Post by NHE » Mon May 25, 2020 7:41 pm

WHO Halts Hydroxychloroquine Trial Over Safety Concerns

https://www.npr.org/sections/coronaviru ... y-concerns

The World Health Organization says it is temporarily halting its clinical trials that use hydroxychloroquine to treat COVID-19 patients over published concerns that the drug may do more harm than good.

The move comes after the medical journal The Lancet reported on Friday that patients getting hydroxychloroquine were dying at higher rates than other coronavirus patients.

https://www.thelancet.com/pdfs/journals ... 1180-6.pdf

The WHO has 3,500 patients from 17 countries enrolled in what it calls the Solidarity Trial. This is an effort overseen by the WHO to find new treatments for COVID-19. The patients in the trial have been randomly assigned to be treated with hydroxychloroquine which is a common malaria drug, or 3 other experimental drugs for treating COVID-19 in various combinations. Only the hydroxychloroquine part of the trial is being put on hold.

"The review will consider data collected so far in the Solidarity Trial and in particular robust, randomized available data to adequately evaluate the potential benefits and harms from this drug [hydroxycholoroquine]," WHO Director General Tedros Adhanom Ghebreyesus said during an online press conference from Geneva on Monday.

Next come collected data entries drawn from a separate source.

Lemma add_via_indep b b' A B S :
  ~ inc b l -> ~ inc b' l -> inc A l -> inc B l -> add_via b A B S -> add_via b' A B S.
Proof.
  intros Hbl Hb'l HAl HBl Hsum.
  destruct (classic (A = O)) as [->|HAO].
  { rewrite (add_via_zero_l b B S Hbl HBl Hsum).
    destruct (add_via_exists b' O B Hb'l HBl) as [S' Hsum'].
    rewrite (add_via_zero_l b' B S' Hb'l HBl Hsum') in Hsum'. assumption. }
  destruct (parallel_through b l) as [m1 [Hbm1 Hm1]].
  destruct (classic (inc b' m1)) as [Hb'm1|Hb'm1].
  2: apply (add_via_move b b' A B S m1); assumption.
  destruct (classic (b = b')) as [<-|Hbb']; [assumption|].
  destruct (classic (exists c, ~ inc c l /\ ~ inc c m1)) as [[c [Hcl Hcm1]]|Hcover].
  - destruct (parallel_through c l) as [mc [Hcmc Hmc]].
    assert (Hb'mc : ~ inc b' mc).
    { intros Hb'mc. apply Hcm1. rewrite (parallel_unique b' l m1 mc); assumption. }
    apply (add_via_move c b' A B S mc); try assumption.
    apply (add_via_move b c A B S m1); assumption.
  - apply (add_via_move_cover b b' A B S m1); try assumption.
    intros X. apply NNPP. intros HX. apply Hcover. exists X. tauto.
Qed.

End Addition.

Section Multiplication.
Variables (O I : point) (l : line).
Hypotheses (HOI : O <> I) (HOl : inc O l) (HIl : inc I l).

(* The point P1 of the construction of A * B with auxiliary point b. *)
Definition mul_pivot (b A P : point) : Prop :=
  exists h m2 k, is_lt I b h /\ inc A m2 /\ par m2 h /\ is_lt O b k /\ inc P m2 /\ inc P k.

Definition mul_via (b A B S : point) : Prop :=
  exists P, mul_pivot b A P /\ par_proj l P B b S.

Lemma mul_pivot_lines_ne b h k m2 :
  ~ inc b l -> is_lt I b h -> is_lt O b k -> par m2 h ->
  ~ inc I k /\ h <> k /\ k <> l /\ h <> l /\ m2 <> k.
Proof.
  intros Hbl [HIb [HIh Hbh]] [HOb [HOk Hbk]] Hm2.
  assert (HIk : ~ inc I k).
  { intros HIk. apply Hbl. rewrite (line_unique O I l k); assumption. }
  assert (Hhk : h <> k) by (intros ->; contradiction).
  repeat split; try assumption; try (intros ->; contradiction).
  intros ->. apply Hhk. symmetry. apply (par_meet_eq k h b); assumption.
Qed.

Lemma mul_pivot_exists b A : ~ inc b l -> exists P, mul_pivot b A P.
Proof.
  intros Hbl.
  assert (HIb : I <> b) by (intros ->; contradiction).
  assert (HOb : O <> b) by (intros ->; contradiction).
  destruct (line_through I b HIb) as [h [HIh Hbh]].
  destruct (parallel_through A h) as [m2 [HAm2 Hm2]].
  destruct (line_through O b HOb) as [k [HOk Hbk]].
  destruct (mul_pivot_lines_ne b h k m2) as (_ & Hhk & _); try (repeat split; assumption).
  destruct (meets_parallel b k h m2 Hbk Hbh (not_eq_sym Hhk) Hm2) as [P [HPk HPm2]].
  exists P, h, m2, k. repeat split; assumption.
Qed.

The WHO's chief scientist, Soumya Swaminathan, says the review was prompted by the article in The Lancet, which was not a randomized control trial but still large.

"While it was still a reporting of observational data," Swaminathan says, distinguishing it from the gold-standard randomized controlled trial, "it came from multiple registries and quite a large number of patients, 96,000 patients." She says the WHO hasn't yet seen data that showed a problem with hydroxychloroquine in its own study but The Lancet article raised questions among many of the investigators involved in the WHO's trial.

"The steering committee met over the weekend, in the light of this uncertainty," Swaminathan says. "We decided we should be proactive, err on the side of caution and suspend enrollment temporarily into the hydroxychloroquine arm [of the Solidarity trial]."